In view of the criteria set forth in 10 C.F.R. Part 710 and the record before me, I am unable to find that restoring the individual's access authorization would not endanger the common defense and security and would be clearly consistent with the national interest. Accordingly, it is my opinion that the individual's access authorization should not be restored.
Either the Office of Security Affairs or the individual may file a request for review of the Hearing Officer's Opinion within 30 calendar days of receipt of the Opinion. 10 C.F.R. § 710.28(a). Any such request must be filed with the Director, Office of Hearings and Appeals, 1000 Independence Ave., S.W., Washington, D.C. 20585, and served on the other party. The party seeking review of the Opinion must file a statement identifying the issues on which it wishes the OHA Director to focus. This statement must be filed within 15 calendar days after the party files its request for review. The party seeking review must serve a copy of its statement on the other party, who may file a response within 20 days of receipt of the statement. 10 C.F.R. § 710.28(b).
Richard W. Dugan
Hearing Officer
Office of Hearings and Appeals
<1>/ An access authorization is an administrative determination that an individual is eligible for access to classified matter or special nuclear material. 10 C.F.R. § 710.5.

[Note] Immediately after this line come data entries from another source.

(* Let $G$ be a group and let $S \subset F$ be a set of weak identities in $G$. Then the $T$-subgroup $\langle S\rangle_T$ generated by $S$ is also a set of weak identities in $G$.
   Context: Let $F$ be the free group on countably many generators $g_1,g_2,\dots$. For $N\ge 1$, $F^{\times N}$ denotes the direct product of $N$ copies of $F$ and $i_k: F\to F^{\times N}$ the inclusion as the $k$-th factor. A subset $S\subset F$ is a set of weak identities in a group $G$ if there exists an integer $N\ge1$ such that for any elements $s_1,\dots,s_N\in S$ and any homomorphism $\rho: F^{\times N}\to G$ there is an index $k\in\{1,\dots,N\}$ with $\rho(i_k(s_k))=1$. A $T$-subgroup (verbal subgroup) of $F$ is a subgroup preserved by all endomorphisms of $F$; for $S\subset F$, $\langle S\rangle_T$ denotes the smallest $T$-subgroup of $F$ containing $S$. *)

(* The free group F on countably many generators g_0, g_1, ...
   (the paper's g_1, g_2, ...) is built concretely as the set of freely reduced
   words; an arbitrary group G is a MathComp [groupType] (boot/monoid.v). *)
From mathcomp Require Import all_boot.
From mathcomp Require Import monoid.

Set Implicit Arguments.
Unset Strict Implicit.
Unset Printing Implicit Defensive.

(* A letter (i, b) stands for g_i if b = false and for g_i^-1 if b = true. *)
Definition letter := (nat * bool)%type.

Definition cancels (a b : letter) : bool := (a.1 == b.1) && (a.2 != b.2).

Definition reduced (w : seq letter) : bool :=
  sorted (fun a b => ~~ cancels a b) w.

Definition push (x : letter) (w : seq letter) : seq letter :=
  if w is y :: w' then (if cancels x y then w' else x :: w) else [:: x].

Lemma push_reduced x w : reduced w -> reduced (push x w).
Proof.
case: w => [|y w] //= H.
case: ifP => C; first exact: path_sorted H.
by rewrite /reduced /= C.
Qed.

Definition reduce (w : seq letter) : seq letter := foldr push [::] w.

Lemma reduce_reduced w : reduced (reduce w).
Proof. by elim: w => [|x w IH] //=; apply: push_reduced. Qed.

Definition F := {w : seq letter | reduced w}.

Definition F1 : F := exist _ [::] (erefl true).

Definition Fmul (u v : F) : F :=
  exist _ (reduce (sval u ++ sval v)) (reduce_reduced _).

Definition Finv (u : F) : F :=
  exist _ (reduce (rev (map (fun a : letter => (a.1, ~~ a.2)) (sval u))))
          (reduce_reduced _).

Definition gen (i : nat) : F := exist _ [:: (i, false)] (erefl true).

Definition F_endo (f : F -> F) : Prop :=
  forall x y, f (Fmul x y) = Fmul (f x) (f y).

Definition Fprod (N : nat) := {ffun 'I_N -> F}.

Definition Fprod_mul N (x y : Fprod N) : Fprod N := [ffun j => Fmul (x j) (y j)].

Definition incl N (k : 'I_N) (s : F) : Fprod N :=
  [ffun j => if j == k then s else F1].

Definition prod_hom (G : groupType) N (rho : Fprod N -> G) : Prop :=
  forall x y, rho (Fprod_mul x y) = (rho x * rho y)%g.

Definition weak_identities (G : groupType) (S : F -> Prop) : Prop :=
  exists N : nat, 1 <= N /\
    forall s : 'I_N -> F, (forall k, S (s k)) ->
    forall rho : Fprod N -> G, prod_hom rho ->
    exists k : 'I_N, rho (incl k (s k)) = 1%g.

Definition is_Tsubgroup (H : F -> Prop) : Prop :=
  [/\ H F1,
      (forall x y, H x -> H y -> H (Fmul x y)),
      (forall x, H x -> H (Finv x)) &
      (forall f, F_endo f -> forall x, H x -> H (f x))].

Definition Tgen (S : F -> Prop) : F -> Prop :=
  fun x => forall H, is_Tsubgroup H -> (forall s, S s -> H s) -> H x.

(* Fix a homomorphism rho : F^N -> G and an index k.  The elements y with
   rho (i_k (f y)) = 1 for every endomorphism f of F form a T-subgroup, so if
   rho (i_k x_k) <> 1 for some x_k in <S>_T, this T-subgroup misses some
   s_k in S: there is an endomorphism f_k with rho (i_k (f_k s_k)) <> 1.  If
   this happens for every k, then rho composed with the product of the f_k is
   a homomorphism F^N -> G killing none of the i_k s_k, so S is not a set of
   weak identities. *)
From Stdlib Require Import Classical ClassicalEpsilon.
From mathcomp Require Import all_boot.
From mathcomp Require Import monoid.

Set Implicit Arguments.
Unset Strict Implicit.
Unset Printing Implicit Defensive.

Definition letter_inv (a : letter) : letter := (a.1, ~~ a.2).

Lemma push_invK a w : reduced w -> push a (push (letter_inv a) w) = w.
Proof.
case: w => [|y w] /=; first by rewrite /cancels /= eqxx; case: a.2.
move=> red_yw; case: ifP => [cancel_ay|_]; last first.
  by rewrite /= /cancels /= eqxx; case: a.2.
move: red_yw; have -> : y = a.
  move: cancel_ay; rewrite /cancels /=; case: a y => [i b] [j c] /=.
  by case/andP=> /eqP ->; case: b; case: c.
by case: w => [|z w] //= /andP [/negbTE ->].
Qed.

Lemma foldr_push_catV u w : reduced w ->
  foldr push w (u ++ rev (map letter_inv u)) = w.
Proof.
elim: u w => [|a u IHu] w red_w //=.
by rewrite rev_cons -cats1 catA foldr_cat /= IHu ?push_invK ?push_reduced.
Qed.

Lemma reduce_id w : reduced w -> reduce w = w.
Proof.
elim: w => [|a w IHw] //= red_aw.
rewrite IHw; last exact: path_sorted red_aw.
by case: w red_aw {IHw} => [|b w] //= /andP [/negbTE ->].
Qed.

Lemma FmulgV x : Fmul x (Finv x) = F1.
Proof.
apply: val_inj => /=; rewrite /reduce foldr_cat.
rewrite [foldr push [::] _]reduce_id ?reduce_reduced // -foldr_cat.
exact: (foldr_push_catV (sval x) (w := [::])).
Qed.

Lemma Fmulg1 x : Fmul x F1 = x.
Proof. by apply: val_inj => /=; rewrite cats0 reduce_id //; case: x. Qed.

Lemma Fmul1g x : Fmul F1 x = x.
Proof. by apply: val_inj => /=; rewrite reduce_id //; case: x. Qed.

Lemma inclM N (k : 'I_N) a b :
  incl k (Fmul a b) = Fprod_mul (incl k a) (incl k b).
Proof. by apply/ffunP => j; rewrite !ffunE; case: (j == k); rewrite ?Fmul1g. Qed.

Definition Fprod_map N (f : 'I_N -> F -> F) (y : Fprod N) : Fprod N :=
  [ffun j => f j (y j)].

Section ProductHomomorphism.

Variables (G : groupType) (N : nat) (rho : Fprod N -> G).
Hypothesis rho_hom : prod_hom rho.

Lemma prod_hom_idem w : Fprod_mul w w = w -> rho w = 1%g.
Proof. by move=> ww; apply: (@mulgI _ (rho w)); rewrite -rho_hom ww mulg1. Qed.

Lemma prod_hom_incl_endo1 (k : 'I_N) f : F_endo f -> rho (incl k (f F1)) = 1%g.
Proof. by move=> endo_f; apply: prod_hom_idem; rewrite -inclM -endo_f Fmul1g. Qed.

Definition endo_kernel (k : 'I_N) (y : F) : Prop :=
  forall f, F_endo f -> rho (incl k (f y)) = 1%g.

Lemma endo_kernel_Tsubgroup k : is_Tsubgroup (endo_kernel k).
Proof.
split.
- by move=> f endo_f; apply: prod_hom_incl_endo1.
- move=> y z ker_y ker_z f endo_f.
  by rewrite endo_f inclM rho_hom ker_y // ker_z // mulg1.
- move=> y ker_y f endo_f.
  have := congr1 (fun z => rho (incl k (f z))) (FmulgV y).
  by rewrite /= endo_f inclM rho_hom ker_y // prod_hom_incl_endo1 // mul1g.
- move=> g endo_g y ker_y f endo_f; apply: (ker_y (f \o g)).
  by move=> a b /=; rewrite endo_g endo_f.
Qed.

Variable f : 'I_N -> F -> F.
Hypothesis endo_f : forall j, F_endo (f j).

Lemma prod_hom_map : prod_hom (rho \o Fprod_map f).
Proof.
move=> y z /=; rewrite -rho_hom; congr rho; apply/ffunP => j.
by rewrite !ffunE endo_f.
Qed.

Lemma prod_hom_map_incl k s :
  rho (Fprod_map f (incl k s)) = rho (incl k (f k s)).
Proof.
pose w : Fprod N := [ffun j => if j == k then F1 else f j F1].
have rho_w : rho w = 1%g.
  apply: prod_hom_idem; apply/ffunP => j; rewrite !ffunE.
  by case: (j == k); rewrite -?endo_f Fmul1g.
rewrite -[RHS]mulg1 -rho_w -rho_hom; congr rho; apply/ffunP => j.
by rewrite !ffunE; case: eqP => [->|_]; rewrite ?Fmulg1 ?Fmul1g.
Qed.

End ProductHomomorphism.

Theorem theorem2p5 (G : groupType) (S : F -> Prop) :
  weak_identities G S -> weak_identities G (Tgen S).
Proof.
case=> N [N_gt0 weakS]; exists N; split => // x Tx rho rho_hom.
apply: NNPP => no_trivial_k.
have witness k : exists sf : F * (F -> F),
    [/\ S sf.1, F_endo sf.2 & rho (incl k (sf.2 sf.1)) <> 1%g].
  apply: NNPP => no_witness; apply: no_trivial_k; exists k.
  apply: (Tx k _ (endo_kernel_Tsubgroup rho_hom k) _ id) => // s Ss f endo_f.
  by apply: NNPP => nontriv; apply: no_witness; exists (s, f).
have [sf sfP] := ClassicalEpsilon.choice _ witness.
have endo_sf j : F_endo (sf j).2 by case: (sfP j).
have [k] := weakS (fun j => (sf j).1) (fun j => let: And3 Ss _ _ := sfP j in Ss)
  _ (prod_hom_map rho_hom endo_sf).
by rewrite /= prod_hom_map_incl //; case: (sfP k).
Qed.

<2>/ The exhibits are cited herein as Ex., and the transcript of the hearing is cited as Tr.
<3>/ According to the individual, beer is the only alcoholic beverage he drinks. Tr. at 19.
<4>/ The Security Specialist testified that her office does not have its own definition of the term "habitually to excess," and relies entirely on the opinion of competent medical authority to make that diagnosis. Tr. at 103.